2014 GSA Annual Meeting in Vancouver, British Columbia (19–22 October 2014)

Paper No. 194-10
Presentation Time: 10:40 AM

HEAT TRANSPORT IN LOW-TEMPERATURE GEOTHERMAL ENERGY DEVELOPMENTS


FERGUSON, Grant, Department of Civil, Geological and Environmental Engineering, University of Saskatchewan, Saskatoon, SK S7N 5A9, Canada

The use of temperatures to track groundwater flow has grown in popularity in many applications over the past decade. Despite our growing knowledge on this subject, there has been a reluctance to consider advection in the design of low-temperature geothermal developments.

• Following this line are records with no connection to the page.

(* Algorithm $\mathsf{LA}$ is deterministic and uses $O(n)$ queries to $f$. On every instance $(f,V,B)$ it returns a set $S$ with $c(S)\le B$ and $$\mathrm{opt}\le 19\,f(S),$$ where $\mathrm{opt}=\max\{f(T):T\subseteq V,\ c(T)\le B\}$.
   Context: Setting: $V$ is a finite ground set of size $n$. $f:2^V\to\mathbb{R}_{\ge 0}$ is a non-negative submodular set function with $f(\emptyset)=0$. Each $e\in V$ has a cost $c(e)>0$, and $c(S)=\sum_{e\in S}c(e)$. $B>0$ is a budget, and $c(e)\le B$ for every $e\in V$. A query is one evaluation of $f$ on a set. The notation $f(e\mid S)=f(S\cup\{e\})-f(S)$ is used. Algorithm $\mathsf{LA}$ on $(f,V,B)$ runs as follows. 1. Set $V_1=\{e\in V: c(e)\le B/2\}$ and $X=Y=\emptyset$. Let $e_{\max}\in\arg\max_{e\in V}f(e)$. 2. Main loop: process each $e\in V_1$ once, in an arbitrary fixed order. Among the sets $Z\in\{X,Y\}$ satisfying $f(e\mid Z)/c(e)\ge f(Z)/B$, choose one maximizing $f(e\mid Z)/c(e)$, breaking ties arbitrarily. If such a $Z$ exists, add $e$ to $Z$. 3. After the loop, for $T\in\{X,Y\}$ let $T(j)$ denote the set of the last $j$ elements added to $T$. Let $X'$ be the set $X(j)$ of largest cost among those with $0\le j\le|X|$ and $c(X(j))\le B$. Define $Y'$ from $Y$ in the same way. 4. Return the set $S$ among $X'$, $Y'$ and $\{e_{\max}\}$ with the largest $f$ value. *)

From mathcomp Require Import all_boot all_order all_algebra.
Set Implicit Arguments. Unset Strict Implicit. Unset Printing Implicit Defensive.
Import Order.TTheory GRing.Theory Num.Theory.
Local Open Scope ring_scope.

Section Defs.
Variables (R : realFieldType) (T : finType).

Definition nonneg_fun (f : {set T} -> R) := forall S, 0 <= f S.
Definition submodular (f : {set T} -> R) :=
  forall A B : {set T}, f (A :|: B) + f (A :&: B) <= f A + f B.

Definition cost (c : T -> R) (S : {set T}) : R := \sum_(x in S) c x.

Definition marg (f : {set T} -> R) (e : T) (S : {set T}) := f (e |: S) - f S.

(* The algorithm accesses f ONLY through [query f], which
   increments the counter by one per evaluation of f. *)
Definition QM (A : Type) := nat -> A * nat.
Definition qret {A} (a : A) : QM A := fun k => (a, k).
Definition qbind {A B} (m : QM A) (g : A -> QM B) : QM B :=
  fun k => let (a, k') := m k in g a k'.
Definition query (f : {set T} -> R) (S : {set T}) : QM R := fun k => (f S, k.+1).

Fixpoint qfoldl {A B} (g : B -> A -> QM B) (b : B) (s : seq A) : QM B :=
  match s with
  | [::] => qret b
  | a :: s' => qbind (g b a) (fun b' => qfoldl g b' s')
  end.

Definition setof (s : seq T) : {set T} := [set x in s].

(* ---------- Algorithm LA ----------
   Parameters besides the instance (f, c, B):
   - ord : the arbitrary fixed processing order (an enumeration of V);
   - tb X Y e : tie-breaking rule in the main loop (true = choose X) used when
     both X and Y qualify with equal density;
   - tbm e e' : tie-breaking rule for the argmax e_max (true = replace the current
     maximiser e' by e when f(e) = f(e')).
   Sets X, Y are stored as sequences in order of addition, together with the
   cached values f(X), f(Y). *)

Record LAstate := mkLA { Xs : seq T; fX : R; Ys : seq T; fY : R }.

Definition LA_step (f : {set T} -> R) (c : T -> R) (B : R)
  (tb : {set T} -> {set T} -> T -> bool) (st : LAstate) (e : T) : QM LAstate :=
  let X := setof (Xs st) in let Y := setof (Ys st) in
  qbind (query f (e |: X)) (fun fXe =>
  qbind (query f (e |: Y)) (fun fYe =>
  let gX := (fXe - fX st) / c e in
  let gY := (fYe - fY st) / c e in
  let okX := fX st / B <= gX in
  let okY := fY st / B <= gY in
  let addX := mkLA (rcons (Xs st) e) fXe (Ys st) (fY st) in
  let addY := mkLA (Xs st) (fX st) (rcons (Ys st) e) fYe in
  qret (if okX && okY then
          (if gY < gX then addX else if gX < gY then addY
           else if tb X Y e then addX else addY)
        else if okX then addX else if okY then addY else st))).

Definition emax_step (f : {set T} -> R) (tbm : T -> T -> bool)
  (best : option (T * R)) (e : T) : QM (option (T * R)) :=
  qbind (query f [set e]) (fun fe =>
  qret (match best with
        | None => Some (e, fe)
        | Some (e', fe') =>
            if (fe' < fe) || ((fe == fe') && tbm e e') then Some (e, fe) else best
        end)).

Definition lastj (s : seq T) (j : nat) : {set T} := setof (drop (size s - j) s).

Definition trunc (c : T -> R) (B : R) (s : seq T) : {set T} :=
  (foldl (fun (acc : {set T}) j =>
            let S := lastj s j in
            if (cost c S <= B) && (cost c acc < cost c S) then S else acc)
         set0 (iota 0 (size s).+1)).

Definition LA (f : {set T} -> R) (c : T -> R) (B : R) (ord : seq T)
  (tb : {set T} -> {set T} -> T -> bool) (tbm : T -> T -> bool) : QM {set T} :=
  let V1 := [seq e <- ord | c e <= B / 2] in
  qbind (qfoldl (emax_step f tbm) None ord) (fun em =>
  qbind (query f set0) (fun f0 =>
  qbind (qfoldl (LA_step f c B tb) (mkLA [::] f0 [::] f0) V1) (fun st =>
  let X' := trunc c B (Xs st) in
  let Y' := trunc c B (Ys st) in
  qbind (query f X') (fun fX' =>
  qbind (query f Y') (fun fY' =>
  let SXY := if fX' < fY' then Y' else X' in
  let fXY := if fX' < fY' then fY' else fX' in
  qret (match em with
        | None => SXY
        | Some (e, fe) => if fXY < fe then [set e] else SXY
        end)))))).

Definition LA_output f c B ord tb tbm : {set T} := (LA f c B ord tb tbm 0).1.
Definition LA_queries f c B ord tb tbm : nat := (LA f c B ord tb tbm 0).2.

End Defs.

From mathcomp Require Import all_boot all_order all_algebra.
From mathcomp Require Import lra zify.
Import Order.TTheory GRing.Theory Num.Theory.
Local Open Scope ring_scope.
Set Implicit Arguments. Unset Strict Implicit. Unset Printing Implicit Defensive.

(* LA grows two disjoint "dense chains" X and Y: an element e joins a chain Z
   only if f(e|Z)/c(e) >= f(Z)/B.  Summed over O, this gives
     f(X u O) <= (1 + c_small(O)/B) f(X) + #large(O) f(S) + f(Y),
     and symmetrically for Y; with f(X), f(Y) <= 3 f(S) this yields 19.
   - Program: the query-counting program is evaluated to pure folds, which
     are analysed with the invariants above; the main theorem combines them. *)

Lemma foldl_inv (A : eqType) (S : Type) (step : S -> A -> S)
    (I : seq A -> S -> Prop) (P : pred A) :
  (forall p st a, I p st -> P a -> a \notin p -> I (rcons p a) (step st a)) ->
  forall s p st, uniq (p ++ s) -> all P s -> I p st -> I (p ++ s) (foldl step st s).
Proof.
move=> step_inv; elim=> [|a s IH] p st; first by rewrite cats0.
move=> u /andP [Pa Ps] Ip /=; rewrite -cat_rcons; apply: IH => //.
  by rewrite cat_rcons.
apply: step_inv => //; move: u; rewrite -cat1s catA cat_uniq => /and3P [].
by rewrite cats1 rcons_uniq => /andP [].
Qed.

Lemma qfoldl_pure (A S : Type) (step : S -> A -> QM S) (n : nat) :
  (forall st a k, step st a k = ((step st a 0).1, (k + n)%N)) ->
  forall s st k,
    qfoldl step st s k = (foldl (fun st a => (step st a 0).1) st s, (k + n * size s)%N).
Proof.
move=> step_cost; elim=> [|a s IH] st k /=; first by rewrite /qret muln0 addn0.
by rewrite /qbind step_cost IH mulnS addnA.
Qed.

Section SeqAsSet.
Variables (R : realFieldType) (T : finType).
Implicit Types (s a b : seq T) (x : T).

Lemma setof_nil : setof [::] = set0 :> {set T}.
Proof. by apply/setP => y; rewrite !inE. Qed.

Lemma setof_rcons s x : setof (rcons s x) = x |: setof s.
Proof. by apply/setP => y; rewrite !inE mem_rcons inE. Qed.

Lemma setof_cat a b : setof (a ++ b) = setof a :|: setof b.
Proof. by apply/setP => y; rewrite !inE mem_cat. Qed.

Lemma in_setof x s : (x \in setof s) = (x \in s).
Proof. by rewrite inE. Qed.

Lemma cost_setof (c : T -> R) s : uniq s -> cost c (setof s) = \sum_(x <- s) c x.
Proof. by move=> us; rewrite /cost big_uniq //; apply: eq_bigl => y; rewrite inE. Qed.

End SeqAsSet.

Section Submodular.
Variables (R : realFieldType) (T : finType) (f : {set T} -> R).
Hypotheses (f_nn : nonneg_fun f) (f_sub : submodular f).
Implicit Types (A C O : {set T}) (e : T).

Lemma marg_antitone A C e : A \subset C -> e \notin C -> marg f e C <= marg f e A.
Proof.
move=> sAC eC; rewrite /marg.
have := f_sub (e |: A) C.
have -> : e |: A :|: C = e |: C by rewrite -setUA (setUidPr sAC).
have -> : (e |: A) :&: C = A.
  apply/setP => y; rewrite !inE; case: (y =P e) => [->|_] /=.
  - by rewrite (negbTE eC) (contraNF (subsetP sAC e)).
  - by case yA: (y \in A) => //=; rewrite (subsetP sAC y yA).
by move=> h; rewrite lerBlDr; lra.
Qed.

Lemma marg_le_singleton A e (f0 : f set0 = 0) : e \notin A -> marg f e A <= f [set e].
Proof.
move=> eA; have := marg_antitone (sub0set A) eA.
by rewrite /marg setU0 f0 subr0.
Qed.

Lemma subadditive A C : f (A :|: C) <= f A + f C.
Proof. have := f_sub A C; have := f_nn (A :&: C); lra. Qed.

(* Two disjoint sets cannot both hide the value of O:
   f(O) <= f(A u O) + f(C u O), since (A u O) n (C u O) = O. *)
Lemma disjoint_union_bound A C O :
  [disjoint A & C] -> f O <= f (A :|: O) + f (C :|: O).
Proof.
move=> dAC; have := f_sub (A :|: O) (C :|: O).
rewrite -setUIl (disjoint_setI0 dAC) set0U.
by have := f_nn (A :|: O :|: (C :|: O)); lra.
Qed.

Lemma union_marg_bound A O :
  f (A :|: O) <= f A + \sum_(o in O :\: A) marg f o A.
Proof.
move: {2}#|O| (leqnn #|O|) => n; elim: n O => [|n IH] O hO.
  by rewrite (cards0_eq (_ : #|O| = 0%N)) ?set0D ?big_set0 ?setU0 ?addr0 //; lia.
case: (set_0Vmem O) => [->|[o oO]]; first by rewrite set0D big_set0 setU0 addr0.
have hO' : (#|O :\ o| <= n)%N by move: hO; rewrite (cardsD1 o O) oO; lia.
have eAO : A :|: O = o |: (A :|: O :\ o) by rewrite setUCA setD1K.
case oA: (o \in A).
  have -> : O :\: A = (O :\ o) :\: A.
    by apply/setP => y; rewrite !inE; case: (y =P o) => // ->; rewrite oA.
  by rewrite eAO (setUidPr _) ?sub1set ?inE ?oA //; apply: IH.
have -> : \sum_(o' in O :\: A) marg f o' A =
          marg f o A + \sum_(o' in (O :\ o) :\: A) marg f o' A.
  by rewrite (big_setD1 o) ?inE ?oA // setDDl setUC -setDDl.
have step : f (A :|: O) <= f (A :|: O :\ o) + marg f o A.
  rewrite eAO -[X in X <= _](subrK (f (A :|: O :\ o))) addrC lerD2l.
  apply: marg_antitone; first exact: subsetUl.
  by rewrite !inE oA eqxx.
by apply: le_trans step _; have := IH _ hO'; lra.
Qed.

End Submodular.

Section DenseChains.
Variables (R : realFieldType) (T : finType).
Variables (f : {set T} -> R) (c : T -> R) (B : R).
Hypotheses (f_nn : nonneg_fun f) (f_sub : submodular f) (f0 : f set0 = 0)
  (c_pos : forall e, 0 < c e) (B_pos : 0 < B).
Implicit Types (s a b : seq T) (x e : T).

Definition dense s := forall a x b, s = a ++ x :: b ->
  f (setof a) / B <= marg f x (setof a) / c x.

Few of these developments have installed monitoring wells or conducted post-audits to assess whether groundwater flow has impacted system operation. Efforts to determine the effect of groundwater flow on these systems has come from modelling, field experiments and natural analogs. Based on these efforts, it appears that groundwater flow is an important consideration where groundwater flow excess 10-8 m/s. This is consistent with other efforts to use heat flow as a groundwater tracer. In such instances, ignoring advection an result in over design of systems. Where the intent of a system is to store heat, groundwater flow could make this infeasible. Use of simple screening methods should allow for delineation of areas where groundwater will effect low-temperature geothermal systems.